WHAT TO DO
Beginning with the line containing "BrG2_rel d r0 r1 e0 e1 ->" and ending with the last line, repeat the records exactly.

DATA RECORDS
* * * * * * *

(* For $i\in\{0,1\}$, let $N_i\subseteq W({\rm G}_2)$ be the stabilizer of the root $\beta_i$ under the action of $W({\rm G}_2)$ on $\Psi^+$ described in the context. Then for every $a\in N_i$ we have $ae_ia^{-1}=e_i$ in ${\rm Br}({\rm G}_2)$.
   Context: Let $\delta$ be an indeterminate. ${\rm Br}({\rm G}_2)$ is the $\mathbb{Z}[\delta^{\pm1}]$-algebra generated by $r_0,r_1,e_0,e_1$ subject to the following relations: - $r_0^2=r_1^2=1$; - $r_ie_i=e_ir_i=e_i$ for $i=0,1$; - $e_0^2=\delta^3e_0$ and $e_1^2=\delta e_1$; - $r_0e_1e_0=r_1e_0$ and $e_0e_1r_0=e_0r_1$; - $e_1r_0e_1r_0e_1=e_1$ and $e_1r_0e_1r_0r_1=e_1r_0r_1r_0$; - $e_0r_1e_0=\delta^2e_0$; - $r_1r_0e_1r_0e_1=r_0r_1r_0e_1$; - $(r_1r_0)^6=1$. Let $\Psi$ be a root system of type ${\rm G}_2$ with simple roots $\beta_0$ (short) and $\beta_1$ (long), and positive roots $\Psi^+=\{\beta_0,\beta_1,\beta_0+\beta_1,2\beta_0+\beta_1,3\beta_0+\beta_1,3\beta_0+2\beta_1\}$. $W({\rm G}_2)$ is generated by the reflections $s_0,s_1$ in $\beta_0,\beta_1$. It acts on $\Psi^+$ by $w\cdot\beta=$ the unique element of $\Psi^+\cap\{\pm w\beta\}$. The subgroup of units of ${\rm Br}({\rm G}_2)$ generated by $r_0,r_1$ is isomorphic to $W({\rm G}_2)$ via $r_i\mapsto s_i$. Through this isomorphism, elements of $W({\rm G}_2)$ are regarded as elements of ${\rm Br}({\rm G}_2)$. *)

From HB Require Import structures.
From mathcomp Require Import all_boot all_order all_algebra.
Set Implicit Arguments. Unset Strict Implicit. Unset Printing Implicit Defensive.
Import Order.TTheory GRing.Theory Num.Theory.
Local Open Scope ring_scope.

(* A root c0*beta0 + c1*beta1 is encoded as the pair (c0, c1) : int * int.
   beta0 short, beta1 long; Cartan integers <beta1,beta0^v> = -3,
   <beta0,beta1^v> = -1. *)
Definition root := (int * int)%type.
Definition beta (i : 'I_2) : root := if val i == 0%N then (1, 0) else (0, 1).

Definition sref (i : 'I_2) (v : root) : root :=
  if val i == 0%N then (- v.1 + 3 * v.2, v.2) else (v.1, v.1 - v.2).

(* Elements of W(G2) are given by words in s_0, s_1; the word
   [:: i1; ...; ik] denotes s_{i1} ... s_{ik}. *)
Definition wlin (w : seq 'I_2) (v : root) : root := foldr sref v w.

Definition posroots : seq root := [:: (1,0); (0,1); (1,1); (2,1); (3,1); (3,2)].

Definition wact (w : seq 'I_2) (b : root) : root :=
  let v := wlin w b in if v \in posroots then v else (- v.1, - v.2).

Definition in_stab (i : 'I_2) (w : seq 'I_2) : bool := wact w (beta i) == beta i.

(* An equation holds in Br(G2) iff it holds for every
   ring A with a central unit d and elements satisfying the relations
   (universal property of the presentation).  *)
Definition r_ (A : pzRingType) (r0 r1 : A) (i : 'I_2) : A :=
  if val i == 0%N then r0 else r1.
Definition e_ (A : pzRingType) (e0 e1 : A) (i : 'I_2) : A :=
  if val i == 0%N then e0 else e1.

Definition BrG2_rel (A : pzRingType) (d r0 r1 e0 e1 : A) : Prop :=
  (* Z[d^{+-1}]-algebra structure: d is a central unit *)
  (forall x : A, d * x = x * d) /\
  (exists d' : A, d * d' = 1 /\ d' * d = 1) /\
  r0 * r0 = 1 /\ r1 * r1 = 1 /\
  r0 * e0 = e0 /\ e0 * r0 = e0 /\ r1 * e1 = e1 /\ e1 * r1 = e1 /\
  e0 * e0 = d ^+ 3 * e0 /\ e1 * e1 = d * e1 /\
  r0 * e1 * e0 = r1 * e0 /\ e0 * e1 * r0 = e0 * r1 /\
  e1 * r0 * e1 * r0 * e1 = e1 /\
  e1 * r0 * e1 * r0 * r1 = e1 * r0 * r1 * r0 /\
  e0 * r1 * e0 = d ^+ 2 * e0 /\
  r1 * r0 * e1 * r0 * e1 = r0 * r1 * r0 * e1 /\
  (r1 * r0) ^+ 6 = 1.

Definition rword (A : pzRingType) (r0 r1 : A) (w : seq 'I_2) : A :=
  \prod_(j <- w) r_ r0 r1 j.

(** The Weyl group W(G2) is dihedral of order 12: every word in s0, s1 reduces, using
    only s_j^2 = 1 and the braid relation (s0 s1)^3 = (s1 s0)^3, to an alternating word of
    length at most 6.  Since r0, r1 satisfy these relations in Br(G2) and the reflections
    satisfy them on the root lattice, we may replace a word by its normal form on both
    sides of the statement.  Checking the fourteen normal forms shows that the stabilizer
    of beta_i is {1, s_i, w0 s_i, w0}, with w0 = (s0 s1)^3 = -1.  Now r_i e_i r_i = e_i,
    and the conjugation of e_i by w0 s_i is a short computation with the relations of
    Br(G2); the remaining element w0 = s_i (w0 s_i) follows. *)

From Pilot Require Import Defs.
From mathcomp Require Import all_boot all_order all_algebra.
From mathcomp Require Import ring.
Import GRing.Theory.
Set Implicit Arguments. Unset Strict Implicit. Unset Printing Implicit Defensive.
Local Open Scope ring_scope.

Definition other (j : 'I_2) : 'I_2 := if val j == 0%N then ord_max else ord0.

Fixpoint alt_word (j : 'I_2) (n : nat) : seq 'I_2 :=
  if n is n'.+1 then j :: alt_word (other j) n' else [::].

Lemma otherK : involutive other.
Proof. by case=> [[|[|//]] ?]; apply/val_inj. Qed.

Lemma ord2_neq_other (j k : 'I_2) : k != j -> k = other j.
Proof. by case: j k => [[|[|//]] ?] [[|[|//]] ?] //= _; apply/val_inj. Qed.

Lemma ord2_cases (j : 'I_2) : j = ord0 \/ j = ord_max.
Proof. by case: j => [[|[|//]] ?]; [left|right]; apply/val_inj. Qed.

(* [(k, n)] stands for [alt_word k n]; the two alternating words of length 6 represent
   the same element, which is why [cons_nf] may map length 7 down to length 5. *)
Definition cons_nf (j : 'I_2) (p : 'I_2 * nat) : 'I_2 * nat :=
  let: (k, n) := p in
  if n == 0%N then (j, 1%N)
  else if k == j then (other j, n.-1)
  else if (n < 6)%N then (j, n.+1) else (k, 5%N).

Definition nf (w : seq 'I_2) : 'I_2 * nat := foldr cons_nf (ord0, 0%N) w.
Definition nf_word (w : seq 'I_2) : seq 'I_2 := alt_word (nf w).1 (nf w).2.

Lemma nf_length_le6 (w : seq 'I_2) : ((nf w).2 <= 6)%N.
Proof.
elim: w => [|j w] //=; rewrite /nf /=; case: (foldr _ _ w) => k n /= le_n6.
case: eqP => // _; case: eqP => _ /=; first exact: leq_trans (leq_pred n) le_n6.
by case: ltnP.
Qed.

Section DihedralWords.
Variables (T : Type) (g : 'I_2 -> T -> T).
Hypothesis g_invol : forall j x, g j (g j x) = x.
Hypothesis g_braid : forall x, foldr g x (alt_word ord0 6) = foldr g x (alt_word ord_max 6).

Lemma foldr_alt_braid (j : 'I_2) x :
  foldr g x (alt_word j 6) = foldr g x (alt_word (other j) 6).
Proof. by case: (ord2_cases j) => ->; [|symmetry]; exact: g_braid. Qed.

Lemma foldr_cons_nf (j k : 'I_2) (n : nat) x : (n <= 6)%N ->
  foldr g x (j :: alt_word k n) =
  foldr g x (alt_word (cons_nf j (k, n)).1 (cons_nf j (k, n)).2).
Proof.
case: n => [|n] // le_n6; rewrite [in RHS]/=.
case: eqP => [->|/eqP/ord2_neq_other ->]; first by rewrite /= g_invol.
case: ltnP => // n6; have [->] : n.+1 = 6%N by apply/eqP; rewrite eqn_leq le_n6.
by rewrite -cat1s foldr_cat foldr_alt_braid otherK /= g_invol.
Qed.

Lemma foldr_nf_word w x : foldr g x w = foldr g x (nf_word w).
Proof.
rewrite /nf_word; elim: w => [|j w IHw] //=; rewrite IHw.
by have := nf_length_le6 w; rewrite /nf; case: (foldr _ _ w) => k n /=; apply: foldr_cons_nf.
Qed.
End DihedralWords.

Lemma sref_involutive (j : 'I_2) (v : Defs.root) : sref j (sref j v) = v.
Proof. by case: v => a b; case: (ord2_cases j) => ->; rewrite /sref /=; congr pair; ring. Qed.

Lemma sref_braid (v : Defs.root) :
  foldr sref v (alt_word ord0 6) = foldr sref v (alt_word ord_max 6).
Proof. by case: v => a b; rewrite /sref /=; congr pair; ring. Qed.

Lemma in_stab_nf_word (i : 'I_2) (w : seq 'I_2) : in_stab i w = in_stab i (nf_word w).
Proof.
by rewrite /in_stab /wact /wlin -foldr_nf_word //; [apply: sref_involutive | apply: sref_braid].
Qed.

(* The reduced words of 1, s_i, w0 s_i and the two reduced words of w0. *)
Definition stab_words (i : 'I_2) : seq (seq 'I_2) :=
  [:: [::]; [:: i]; alt_word (other i) 5; i :: alt_word (other i) 5;
      rcons (alt_word (other i) 5) i].

Lemma in_stab_alt_word (i k : 'I_2) (n : nat) :
  (n <= 6)%N -> in_stab i (alt_word k n) -> alt_word k n \in stab_words i.
Proof. by case: (ord2_cases i) (ord2_cases k) => -> [] ->; do 7 case: n => [|n] //. Qed.

Section WordImage.
Variables (A : pzRingType) (r0 r1 : A).
Hypotheses (r0K : r0 * r0 = 1) (r1K : r1 * r1 = 1).

Lemma rword_cons j w : rword r0 r1 (j :: w) = r_ r0 r1 j * rword r0 r1 w.
Proof. exact: big_cons. Qed.

Lemma rword_cat w1 w2 : rword r0 r1 (w1 ++ w2) = rword r0 r1 w1 * rword r0 r1 w2.
Proof. exact: big_cat. Qed.

Lemma foldr_rword w x : foldr (fun j y => r_ r0 r1 j * y) x w = rword r0 r1 w * x.
Proof.
by elim: w => [|j w IHw] /=; rewrite ?rword_cons ?IHw ?mulrA // /rword big_nil mul1r.
Qed.

Lemma r_K j : r_ r0 r1 j * r_ r0 r1 j = 1.
Proof. by rewrite /r_; case: ifP. Qed.

Lemma rwordK w : rword r0 r1 w * rword r0 r1 (rev w) = 1.
Proof.
elim: w => [|j w IHw]; first by rewrite /rword big_nil mulr1.
by rewrite rev_cons -cats1 rword_cat rword_cons -mulrA [X in _ * X]mulrA IHw mul1r
  /rword big_seq1 r_K.
Qed.

Lemma rword_revK w : rword r0 r1 (rev w) * rword r0 r1 w = 1.
Proof. by rewrite -{2}(revK w) rwordK. Qed.

Lemma rword_rev_eq w w' :
  rword r0 r1 w = rword r0 r1 w' -> rword r0 r1 (rev w) = rword r0 r1 (rev w').
Proof.
by move=> eq_ww'; rewrite -[LHS]mulr1 -(rwordK w') -eq_ww' mulrA rword_revK mul1r.
Qed.

Hypothesis r1r0_order6 : (r1 * r0) ^+ 6 = 1.

Lemma rword_braid : rword r0 r1 (alt_word ord0 6) = rword r0 r1 (alt_word ord_max 6).
Proof.
(* (r1 r0)^6 = 1 makes the alternating word of length 6 its own inverse, and its
   reversal is also its inverse. *)
have sq1 : rword r0 r1 (alt_word ord_max 6) * rword r0 r1 (alt_word ord_max 6) = 1.
  by rewrite -r1r0_order6 /rword !big_cons big_nil /= !mulr1 !exprS expr0 mulr1 !mulrA.
have -> : alt_word ord0 6 = rev (alt_word ord_max 6) by [].
by rewrite -[LHS]mulr1 -sq1 mulrA rword_revK mul1r.
Qed.

Lemma rword_nf_word w : rword r0 r1 w = rword r0 r1 (nf_word w).
Proof.
rewrite -[LHS]mulr1 -[RHS]mulr1 -!foldr_rword -foldr_nf_word // => [j x|x].
  by rewrite mulrA r_K mul1r.
by rewrite !foldr_rword rword_braid.
Qed.

Definition conj_fixes (x : A) (w : seq 'I_2) : Prop :=
  rword r0 r1 w * x * rword r0 r1 (rev w) = x.

Lemma conj_fixes_cat x w1 w2 :
  conj_fixes x w1 -> conj_fixes x w2 -> conj_fixes x (w1 ++ w2).
Proof.
rewrite /conj_fixes rev_cat !rword_cat => fix1 fix2.
by rewrite !mulrA -(mulrA (rword r0 r1 w1)) -(mulrA (rword r0 r1 w1)) fix2 fix1.
Qed.
End WordImage.

Section BrauerG2Relations.
Variables (A : pzRingType) (r0 r1 e0 e1 : A).
Hypotheses (r0K : r0 * r0 = 1) (r1K : r1 * r1 = 1).
Hypotheses (r0e0 : r0 * e0 = e0) (e0r0 : e0 * r0 = e0).
Hypotheses (r1e1 : r1 * e1 = e1) (e1r1 : e1 * r1 = e1).
Hypotheses (r0e1e0 : r0 * e1 * e0 = r1 * e0) (e0e1r0 : e0 * e1 * r0 = e0 * r1).
Hypothesis e1r0e1r0r1 : e1 * r0 * e1 * r0 * r1 = e1 * r0 * r1 * r0.
Hypothesis r1r0e1r0e1 : r1 * r0 * e1 * r0 * e1 = r0 * r1 * r0 * e1.

(* The relations in a left context, so that they rewrite inside left-nested products. *)
Let mulr_r0K x : x * r0 * r0 = x. Proof. by rewrite -mulrA r0K mulr1. Qed.
Let mulr_r1K x : x * r1 * r1 = x. Proof. by rewrite -mulrA r1K mulr1. Qed.
Let mulr_r1e1 x : x * r1 * e1 = x * e1. Proof. by rewrite -mulrA r1e1. Qed.
Let mulr_e1r1 x : x * e1 * r1 = x * e1. Proof. by rewrite -mulrA e1r1. Qed.
Let mulr_r1e0 x : x * r1 * e0 = x * r0 * e1 * e0.
Proof. by rewrite -mulrA -r0e1e0 !mulrA. Qed.
Let mulr_r0r1r0e1 x : x * r0 * r1 * r0 * e1 = x * r1 * r0 * e1 * r0 * e1.
Proof. by rewrite -!mulrA; congr (x * _); rewrite !mulrA r1r0e1r0e1. Qed.

Lemma conj_fixes_e_gen (i : 'I_2) : conj_fixes r0 r1 (e_ e0 e1 i) [:: i].
Proof.
by rewrite /conj_fixes /rword big_seq1 /r_ /e_; case: ifP; rewrite ?r0e0 ?e0r0 ?r1e1 ?e1r1.
Qed.

Lemma conj_fixes_e0_long : conj_fixes r0 r1 e0 (alt_word ord_max 5).
Proof.
have r1r0r1r0r1e0 : r1 * r0 * r1 * r0 * r1 * e0 = e0.
  by rewrite mulr_r1e0 mulr_r0K mulr_r1e1 -mulr_r1e0 r1K mul1r.
have e0r1r0r1r0r1 : e0 * r1 * r0 * r1 * r0 * r1 = e0.
  by rewrite -e0e1r0 mulr_r0K mulr_e1r1 e0e1r0 mulr_r1K.
by rewrite /conj_fixes /rword !big_cons big_nil /= !mulr1 !mulrA r1r0r1r0r1e0 e0r1r0r1r0r1.
Qed.

Lemma conj_fixes_e1_long : conj_fixes r0 r1 e1 (alt_word ord0 5).
Proof.
have r0r1r0r1r0e1 : r0 * r1 * r0 * r1 * r0 * e1 = e1 * r0 * e1.
  by rewrite mulr_r0r1r0e1 mulr_r1K r0K mul1r.
by rewrite /conj_fixes /rword !big_cons big_nil /= !mulr1 !mulrA r0r1r0r1r0e1
  e1r0e1r0r1 mulr_r0K mulr_r1K mulr_r0K.
Qed.

Lemma conj_fixes_e_long (i : 'I_2) : conj_fixes r0 r1 (e_ e0 e1 i) (alt_word (other i) 5).
Proof. by case: (ord2_cases i) => ->; [exact: conj_fixes_e0_long | exact: conj_fixes_e1_long]. Qed.

Lemma conj_fixes_e_stab_words (i : 'I_2) w :
  w \in stab_words i -> conj_fixes r0 r1 (e_ e0 e1 i) w.
Proof.
rewrite !inE => /orP[|/orP[|/orP[|/orP[]]]] /eqP ->.
- by rewrite /conj_fixes /rword big_nil mul1r mulr1.
- exact: conj_fixes_e_gen.
- exact: conj_fixes_e_long.
- by rewrite -cat1s; apply: conj_fixes_cat; [exact: conj_fixes_e_gen | exact: conj_fixes_e_long].
- by rewrite -cats1; apply: conj_fixes_cat; [exact: conj_fixes_e_long | exact: conj_fixes_e_gen].
Qed.
End BrauerG2Relations.

Theorem lemma9p4 (A : pzRingType) (d r0 r1 e0 e1 : A) :
  BrG2_rel d r0 r1 e0 e1 ->
  forall (i : 'I_2) (w : seq 'I_2), in_stab i w ->
    rword r0 r1 w * e_ e0 e1 i * rword r0 r1 (rev w) = e_ e0 e1 i.
Proof.
move=> [_ [_ [r0K [r1K [r0e0 [e0r0 [r1e1 [e1r1 [_ [_ [r0e1e0 [e0e1r0 [_
  [e1r0e1r0r1 [_ [r1r0e1r0e1 r1r0_order6]]]]]]]]]]]]]]]] i w.
rewrite in_stab_nf_word => /(in_stab_alt_word (nf_length_le6 w)) nf_stab.
have rword_nf := rword_nf_word r0K r1K r1r0_order6 w.
rewrite rword_nf (rword_rev_eq r0K r1K rword_nf).
exact: conj_fixes_e_stab_words.
Qed.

* * * * * * *

TASK ANSWER
  BrG2_rel d r0 r1 e0 e1 ->
  forall (i : 'I_2) (w : seq 'I_2), in_stab i w ->
    rword r0 r1 w * e_ e0 e1 i * rword r0 r1 (rev w) = e_ e0 e1 i.
Proof.
move=> [_ [_ [r0K [r1K [r0e0 [e0r0 [r1e1 [e1r1 [_ [_ [r0e1e0 [e0e1r0 [_
  [e1r0e1r0r1 [_ [r1r0e1r0e1 r1r0_order6]]]]]]]]]]]]]]]] i w.
rewrite in_stab_nf_word => /(in_stab_alt_word (nf_length_le6 w)) nf_stab.
have rword_nf := rword_nf_word r0K r1K r1r0_order6 w.
rewrite rword_nf (rword_rev_eq r0K r1K rword_nf).
exact: conj_fixes_e_stab_words.
Qed.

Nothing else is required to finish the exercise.